◆ Records for processing ◆
(* Let $n,k$ be positive integers and $i\in\{1,\ldots,n\}$ such that $k\cdot\frac{i}{n}\cdot \frac{n-i}{n}< 1$, $n\ge 8k$, and $i>n/2$. If $H\sim\text{Hyp}(n,i,k)$, then $\mathbb{P}(H \ge ik/n) \ge \frac{k}{n}$.
   Context: $\text{Hyp}(n,i,k)$ denotes the hypergeometric distribution: the number of black marbles in a sample without replacement of size $k$ from an urn with $i$ black and $n-i$ white marbles, i.e. $\mathbb{P}(H=j)=\binom{i}{j}\binom{n-i}{k-j}/\binom{n}{k}$. *)

From mathcomp Require Import all_boot all_order all_algebra.
Set Implicit Arguments. Unset Strict Implicit. Unset Printing Implicit Defensive.
Import Order.TTheory GRing.Theory Num.Theory.
Local Open Scope ring_scope.

(* P(H = j) for H ~ Hyp(n,i,k): C(i,j) C(n-i,k-j) / C(n,k), as a rational.
   ('C(a,b) = 0 when b > a; note k - j is truncated but j ranges over 0..k.) *)
Definition hyp_pmf (n i k j : nat) : rat :=
  ('C(i, j) * 'C(n - i, k - j))%:R / ('C(n, k))%:R.

Definition hyp_tail (n i k : nat) (x : rat) : rat :=
  \sum_(0 <= j < k.+1 | x <= j%:R) hyp_pmf n i k j.

(* Write w = n - i and m = k - 1.  Each factor (i - t)/(n - t), t < k, of
   P(H = k) = C(i,k)/C(n,k) is at least 1 - x with x = w/(n - m), so
   P(H = k) >= (1 - x)^k, and P(H = k - 1) = P(H = k) k w/(i - m).
   Since k/n <= 1/8 it suffices to bound the tail from below by 1/8.
   If k w < n, the threshold ik/n = k - kw/n exceeds k - 1, only P(H = k)
   is available, and n >= 8k gives k x <= 8/7, whence
   P(H = k) >= (1 - 8/(7k))^k >= (3/7)^2 for k >= 2 (for k = 1 it is i/n).
   If k w >= n, the threshold is at most k - 1, and the variance hypothesis
   with i > n/2 gives k w < 2n, hence k x <= 16/7 and
   P(H = k) + P(H = k - 1) >= (1 - x)^m (1 + m x) >= 1/8.
   The last two estimates compare with the approximants (1 - b/N)^N of
   exp(-b), which increase with N by AM-GM. *)

From mathcomp Require Import all_boot all_order all_algebra.
From mathcomp Require Import ring lra zify.
Import Order.TTheory GRing.Theory Num.Theory.
Local Open Scope ring_scope.
Set Implicit Arguments. Unset Strict Implicit. Unset Printing Implicit Defensive.

Section ExpApproximants.
Variable R : realFieldType.
Implicit Types b x y : R.

Lemma bernoulli_ineq x (n : nat) : -1 <= x -> 1 + n%:R * x <= (1 + x) ^+ n.
Proof.
move=> x_ge; elim: n => [|n IH]; first by rewrite mul0r addr0 expr0.
have x1_ge0 : 0 <= 1 + x by lra.
rewrite exprS; apply: le_trans (ler_wpM2l x1_ge0 IH).
have : 0 <= n%:R * x ^+ 2 by rewrite mulr_ge0 ?sqr_ge0.
by rewrite -natr1; lra.
Qed.

Definition exp_approx b (N : nat) : R := (1 - b / N%:R) ^+ N.

(* AM-GM for N copies of 1 - b/N and one copy of 1. *)
Lemma exp_approxS b (N : nat) : (0 < N)%N -> 0 <= b <= N%:R ->
  exp_approx b N <= exp_approx b N.+1.
Proof.
move=> N_gt0 /andP[b_ge0 b_le]; rewrite /exp_approx.
pose E (j : 'I_N.+1) := if j == ord_max then 1 else 1 - b / N%:R.
have E_ge0 j : j \in predT -> 0 <= E j.
  by rewrite /E; case: eqP => // _ _; rewrite subr_ge0 ler_pdivrMr ?ltr0n ?mul1r.
have EN (j : 'I_N) : E (widen_ord (leqnSn N) j) = 1 - b / N%:R.
  by rewrite /E eqE /= ltn_eqF.
have := (leif_AGM E_ge0).1; rewrite cardE size_enum_ord !big_ord_recr /=.
rewrite (eq_bigr _ (fun j _ => EN j)) (eq_bigr _ (fun j _ => EN j)).
rewrite prodr_const sumr_const card_ord /E eqxx mulr1.
rewrite (_ : (_ *+ N + 1) / _ = 1 - b / N.+1%:R) // -mulr_natr -natr1.
by field; rewrite natr1 !pnatr_eq0 /= -lt0n.
Qed.

Lemma exp_approx_homo b (N0 N : nat) : (0 < N0)%N -> 0 <= b <= N0%:R ->
  (N0 <= N)%N -> exp_approx b N0 <= exp_approx b N.
Proof.
move=> N0_gt0 /andP[b_ge0 b_le] /subnK <-; elim: (N - N0)%N => [|d IH] //=.
apply: le_trans IH (exp_approxS _ _); first by rewrite addn_gt0 N0_gt0 orbT.
by rewrite b_ge0 (le_trans b_le) // ler_nat leq_addl.
Qed.

Lemma one_subX_one_addM_antitone (m : nat) x y : 0 <= x <= y -> y < 1 ->
  (1 - y) ^+ m * (1 + m%:R * y) <= (1 - x) ^+ m * (1 + m%:R * x).
Proof.
move=> /andP[x_ge0 x_le_y] y_lt1; have y_ge0 := le_trans x_ge0 x_le_y.
have [h h_ge0 hy] : exists2 h, 0 <= h & h * (1 - y) = y - x.
  have y1_gt0 : 0 < 1 - y by rewrite subr_gt0.
  exists ((y - x) / (1 - y)); last by rewrite divfK ?gt_eqF.
  by rewrite divr_ge0 ?subr_ge0 // ltW.
have -> : 1 - x = (1 - y) * (1 + h) by lra.
rewrite exprMn -mulrA; apply: ler_wpM2l; first by rewrite exprn_ge0 // subr_ge0 ltW.
have x1_ge0 : 0 <= 1 + m%:R * x by rewrite addr_ge0 ?mulr_ge0.
have bern : 1 + m%:R * h <= (1 + h) ^+ m by apply: bernoulli_ineq; lra.
apply: le_trans (ler_wpM2r x1_ge0 bern).
have := mulr_ge0 (mulr_ge0 (ler0n R m) h_ge0) y_ge0.
have := mulr_ge0 (mulr_ge0 (mulr_ge0 (ler0n R m) (ler0n R m)) h_ge0) x_ge0.
have : m%:R * (h * (1 - y)) = m%:R * (y - x) by rewrite hy.
lra.
Qed.

Lemma one_subX_ge_inv8 (k : nat) x : (2 <= k)%N -> 0 <= x -> k%:R * x <= 8 / 7 ->
  1 / 8 <= (1 - x) ^+ k.
Proof.
move=> k_ge2 x_ge0 kx_le.
have k_gt0 : 0 < k%:R :> R by rewrite ltr0n (leq_trans _ k_ge2).
have x_le : x <= 8 / 7 / k%:R by rewrite ler_pdivlMr // mulrC.
have b_le : 8 / 7 <= k%:R :> R by apply: le_trans (_ : 2%:R <= _); rewrite ?ler_nat //; lra.
apply: (@le_trans _ _ (exp_approx (8 / 7) k)).
  apply: le_trans (exp_approx_homo (N0 := 2) _ _ k_ge2) => //.
    by rewrite /exp_approx; lra.
  by apply/andP; split; lra.
have b_k : 8 / 7 / k%:R <= 1 :> R by rewrite ler_pdivrMr // mul1r.
by apply: lerXn2r; rewrite ?nnegrE; lra.
Qed.

Lemma one_subX_one_addM_ge_inv8 (m : nat) x : (2 <= m)%N -> 0 <= x ->
  m.+1%:R * x <= 16 / 7 -> 1 / 8 <= (1 - x) ^+ m * (1 + m%:R * x).
Proof.
move=> m_ge2 x_ge0 kx_le.
have k_ge3 : 3%:R <= m.+1%:R :> R by rewrite ler_nat.
have k_gt0 : 0 < m.+1%:R :> R by rewrite ltr0n.
pose x0 : R := 16 / 7 / m.+1%:R.
have x0_lt1 : x0 < 1 by rewrite /x0 ltr_pdivrMr // mul1r; lra.
have x_le : x <= x0 by rewrite /x0 ler_pdivlMr // mulrC.
have x_range : 0 <= x <= x0 by rewrite x_ge0.
apply: le_trans (one_subX_one_addM_antitone m x_range x0_lt1).
have mx0 : m%:R * x0 = 16 / 7 - x0.
  by rewrite /x0 -natr1; field; rewrite addrC natr1 pnatr_eq0.
rewrite mx0 /x0; clear -m_ge2.
case: m m_ge2 => [|[|[|[|m]]]] //= _; [lra | lra |].
have k_ge5 : (5 <= m.+4.+1)%N by [].
have k_ge : 5%:R <= m.+4.+1%:R :> R by rewrite ler_nat.
have u_le : 16 / 7 / m.+4.+1%:R <= 16 / 7 / 5 :> R.
  by rewrite ler_pdivrMr ?(lt_le_trans _ k_ge) // mulrAC ler_pdivlMr //; lra.
have approx5 := @exp_approx_homo (16 / 7) 5 _ isT _ k_ge5.
rewrite /exp_approx in approx5.
set u := 16 / 7 / _ in approx5 u_le *.
have u_ge0 : 0 <= u by rewrite /u divr_ge0 //; lra.
have approx : (1 - 16 / 7 / 5) ^+ 5 <= (1 - u) ^+ m.+4.
  apply: le_trans (approx5 _) _; first by apply/andP; split; lra.
  by rewrite exprS ler_piMl ?exprn_ge0; lra.
by apply: le_trans (ler_pM _ _ approx (_ : 1 + (16 / 7 - 16 / 7 / 5) <= _)); lra.
Qed.

End ExpApproximants.

Lemma natr_subn_div (F : numFieldType) n i m : (m <= i <= n)%N -> (m < n)%N ->
  (i - m)%:R / (n - m)%:R = 1 - (n - i)%:R / (n - m)%:R :> F.
Proof.
move=> /andP[le_mi le_in] lt_mn.
have -> : (i - m = (n - m) - (n - i))%N by lia.
by rewrite natrB ?leq_sub2l // mulrBl divff // pnatr_eq0 -lt0n subn_gt0.
Qed.

Lemma bin_mul_expn_le (n i k p q : nat) :
  (forall t, t < k -> p * (n - t) <= q * (i - t))%N ->
  ('C(n, k) * p ^ k <= 'C(i, k) * q ^ k)%N.
Proof.
elim: k => [|k IH] le_pq; first by rewrite !bin0 !expn0.
rewrite -(leq_pmul2l (ltn0Sn k)) !mulnA !mul_bin_left !expnSr.
have E c r s : ((s - k) * c * (r ^ k * r) = c * r ^ k * (r * (s - k)))%N by ring.
by rewrite !E leq_mul ?IH ?le_pq // => t /ltnW; apply: le_pq.
Qed.

Lemma hyp_pmf_ge0 n i k j : 0 <= hyp_pmf n i k j.
Proof. by rewrite /hyp_pmf divr_ge0. Qed.

Lemma hyp_pmf_top n i k : hyp_pmf n i k k = 'C(i, k)%:R / 'C(n, k)%:R.
Proof. by rewrite /hyp_pmf subnn bin0 muln1. Qed.

Lemma hyp_pmf_top_ge n i k : (i <= n)%N -> (0 < k <= n)%N ->
  ((i - k.-1)%:R / (n - k.-1)%:R) ^+ k <= hyp_pmf n i k k.
Proof.
move=> le_in /andP[k_gt0 le_kn].
have D_gt0 : 0 < ((n - k.-1) ^ k)%:R :> rat by rewrite ltr0n expn_gt0 subn_gt0; lia.
have C_gt0 : 0 < 'C(n, k)%:R :> rat by rewrite ltr0n bin_gt0.
rewrite hyp_pmf_top expr_div_n -!natrX ler_pdivrMr // mulrAC ler_pdivlMr //.
rewrite -!natrM ler_nat mulnC; apply: bin_mul_expn_le => t lt_tk; nia.
Qed.

Lemma hyp_pmf_pred_top n i k : (0 < k)%N ->
  hyp_pmf n i k k.-1 * (i - k.-1)%:R = hyp_pmf n i k k * (k * (n - i))%:R.
Proof.
case: k => // m _; rewrite /hyp_pmf subSnn bin1 subnn bin0 muln1 /=.
rewrite mulrAC [RHS]mulrAC -!natrM; congr (_%:R / _).
by rewrite mulnAC (mulnC _ (i - m)%N) -mul_bin_left mulnCA mulnA.
Qed.

Lemma hyp_tail_ge_sum n i k j (x : rat) : x <= j%:R ->
  \sum_(j <= l < k.+1) hyp_pmf n i k l <= hyp_tail n i k x.
Proof.
move=> x_le; rewrite /hyp_tail [X in _ <= X]big_mkcond /=.
have tail_ge0 a b : 0 <= \sum_(a <= l < b) (if x <= l%:R then hyp_pmf n i k l else 0).
  by apply: sumr_ge0 => l _; case: ifP => _; [apply: hyp_pmf_ge0 | apply: lexx].
have [le_jk|lt_kj] := leqP j k.+1; last by rewrite big_geq; [apply: tail_ge0 | apply: ltnW].
rewrite (big_cat_nat (leq0n j) le_jk) /= -[X in X <= _]add0r.
apply: lerD; first exact: tail_ge0.
by apply: ler_sum_nat => l /andP[le_jl _]; rewrite (le_trans x_le) ?ler_nat.
Qed.

Lemma hyp_tail_ge_top n i k (x : rat) : x <= k%:R ->
  hyp_pmf n i k k <= hyp_tail n i k x.
Proof. by move/(hyp_tail_ge_sum n i k); rewrite big_nat1. Qed.

Lemma hyp_tail_ge_top2 n i k (x : rat) : (0 < k)%N -> x <= k.-1%:R ->
  hyp_pmf n i k k + hyp_pmf n i k k.-1 <= hyp_tail n i k x.
Proof.
move=> k_gt0 /(hyp_tail_ge_sum n i k).
by rewrite big_ltn ?prednK ?ltnS ?leq_pred // big_nat1 addrC.
Qed.

Lemma hyp_pmf_top_ge_inv8 n i k : (0 < k)%N -> (8 * k <= n)%N ->
  (n < 2 * i)%N -> (i <= n)%N -> (k * (n - i) < n)%N -> 1 / 8 <= hyp_pmf n i k k.
Proof.
move=> k_gt0 le_8k_n lt_n_2i le_in kw_lt_n.
have [->|k_neq1] := eqVneq k 1%N.
  have n_gt0 : 0 < n%:R :> rat by rewrite ltr0n; lia.
  have : n%:R < 2 * i%:R :> rat by rewrite -natrM ltr_nat.
  rewrite hyp_pmf_top !bin1 (ler_pdivlMr _ _ n_gt0); lra.
have d_gt0 : 0 < (n - k.-1)%:R :> rat by rewrite ltr0n; lia.
apply: le_trans (hyp_pmf_top_ge le_in _); last by apply/andP; split; lia.
rewrite natr_subn_div; [|lia|lia]; apply: one_subX_ge_inv8; [lia | exact: divr_ge0 |].
rewrite mulrA (ler_pdivrMr _ _ d_gt0).
have : (7 * (k * (n - i)) <= 8 * (n - k.-1))%N by nia.
rewrite -(ler_nat rat) !natrM; lra.
Qed.

Lemma hyp_pmf_top2_ge_inv8 n i k : (8 * k <= n)%N -> (n < 2 * i)%N -> (i <= n)%N ->
  (n <= k * (n - i))%N -> (k * (n - i) < 2 * n)%N ->
  1 / 8 <= hyp_pmf n i k k + hyp_pmf n i k k.-1.
Proof.
move=> le_8k_n lt_n_2i le_in n_le_kw kw_lt_2n.
have [m km] : exists m, k = m.+1 by exists k.-1; rewrite prednK //; nia.
rewrite km /= in le_8k_n n_le_kw kw_lt_2n *.
have a_gt0 : 0 < (i - m)%:R :> rat by rewrite ltr0n; lia.
have d_gt0 : 0 < (n - m)%:R :> rat by rewrite ltr0n; lia.
have -> : hyp_pmf n i m.+1 m.+1 + hyp_pmf n i m.+1 m =
    hyp_pmf n i m.+1 m.+1 * (((i - m)%:R + m.+1%:R * (n - i)%:R) / (i - m)%:R).
  rewrite -[hyp_pmf _ _ _ m](mulfK (lt0r_neq0 a_gt0)) (hyp_pmf_pred_top _ _ (ltn0Sn m)).
  by rewrite natrM; field; apply: lt0r_neq0.
apply: le_trans (ler_wpM2r _ (hyp_pmf_top_ge le_in _)); first last.
- by apply/andP; split; lia.
- by rewrite divr_ge0 ?addr_ge0 ?mulr_ge0 ?ler0n.
rewrite /= natr_subn_div; [|lia|lia].
set x := (n - i)%:R / (n - m)%:R.
have x_lt1 : x < 1 by rewrite (ltr_pdivrMr _ _ d_gt0) mul1r ltr_nat; lia.
have hw : (n - i)%:R = (n - m)%:R * x by rewrite mulrC divfK ?lt0r_neq0.
have ha : (i - m)%:R = (n - m)%:R * (1 - x).
  by rewrite -natr_subn_div; [rewrite mulrC divfK ?lt0r_neq0 | lia | lia].
have -> : (1 - x) ^+ m.+1 * (((i - m)%:R + m.+1%:R * (n - i)%:R) / (i - m)%:R) =
    (1 - x) ^+ m * (1 + m%:R * x).
  by rewrite ha hw exprS -natr1; field; rewrite subr_eq0 !gt_eqF.
apply: one_subX_one_addM_ge_inv8; [nia | exact: divr_ge0 |].
rewrite mulrA (ler_pdivrMr _ _ d_gt0).
have : (7 * (m.+1 * (n - i)) <= 16 * (n - m))%N by nia.
rewrite -(ler_nat rat) !natrM; lra.
Qed.

Theorem lemma11 (n i k : nat) :
  (0 < n)%N -> (0 < k)%N -> (1 <= i <= n)%N ->
  k%:R * (i%:R / n%:R) * ((n - i)%:R / n%:R) < 1 :> rat ->
  (8 * k <= n)%N ->
  n%:R / 2 < i%:R :> rat ->
  hyp_tail n i k (i%:R * k%:R / n%:R) >= k%:R / n%:R.
Proof.
move=> n_gt0 k_gt0 /andP[_ le_in] var_lt1 le_8k_n half_lt_i.
have nR_gt0 : 0 < n%:R :> rat by rewrite ltr0n.
have lt_n_2i : (n < 2 * i)%N by rewrite -(ltr_nat rat) natrM; lra.
have kiw_lt : (k * i * (n - i) < n * n)%N.
  move: var_lt1; rewrite (_ : _ * _ * _ = (k * i * (n - i))%:R / (n * n)%:R).
    by rewrite ltr_pdivrMr ?ltr0n ?muln_gt0 ?n_gt0 // mul1r ltr_nat.
  by rewrite !natrM; field; rewrite lt0r_neq0.
have kw_lt_2n : (k * (n - i) < 2 * n)%N by nia.
apply: le_trans (_ : 1 / 8 <= _).
  by rewrite (ler_pdivrMr _ _ nR_gt0); move: le_8k_n; rewrite -(ler_nat rat) natrM; lra.
have threshold_le j : (i * k <= j * n)%N -> i%:R * k%:R / n%:R <= j%:R :> rat.
  by rewrite (ler_pdivrMr _ _ nR_gt0) -!natrM ler_nat.
have [kw_lt_n | n_le_kw] := ltnP (k * (n - i)) n.
  apply: le_trans (hyp_pmf_top_ge_inv8 k_gt0 le_8k_n lt_n_2i le_in kw_lt_n) _.
  by apply/hyp_tail_ge_top/threshold_le; nia.
apply: le_trans (hyp_pmf_top2_ge_inv8 le_8k_n lt_n_2i le_in n_le_kw kw_lt_2n) _.
by apply/hyp_tail_ge_top2/threshold_le; nia.
Qed.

◆ Task description ◆
Give back the records above exactly, limited to the lines between the one holding "Section ExpApproximants." and the one holding "(* AM-GM for", inclusive.

◆ Written response ◆
Section ExpApproximants.
Variable R : realFieldType.
Implicit Types b x y : R.

Lemma bernoulli_ineq x (n : nat) : -1 <= x -> 1 + n%:R * x <= (1 + x) ^+ n.
Proof.
move=> x_ge; elim: n => [|n IH]; first by rewrite mul0r addr0 expr0.
have x1_ge0 : 0 <= 1 + x by lra.
rewrite exprS; apply: le_trans (ler_wpM2l x1_ge0 IH).
have : 0 <= n%:R * x ^+ 2 by rewrite mulr_ge0 ?sqr_ge0.
by rewrite -natr1; lra.
Qed.

Definition exp_approx b (N : nat) : R := (1 - b / N%:R) ^+ N.

(* AM-GM for N copies of 1 - b/N and one copy of 1. *)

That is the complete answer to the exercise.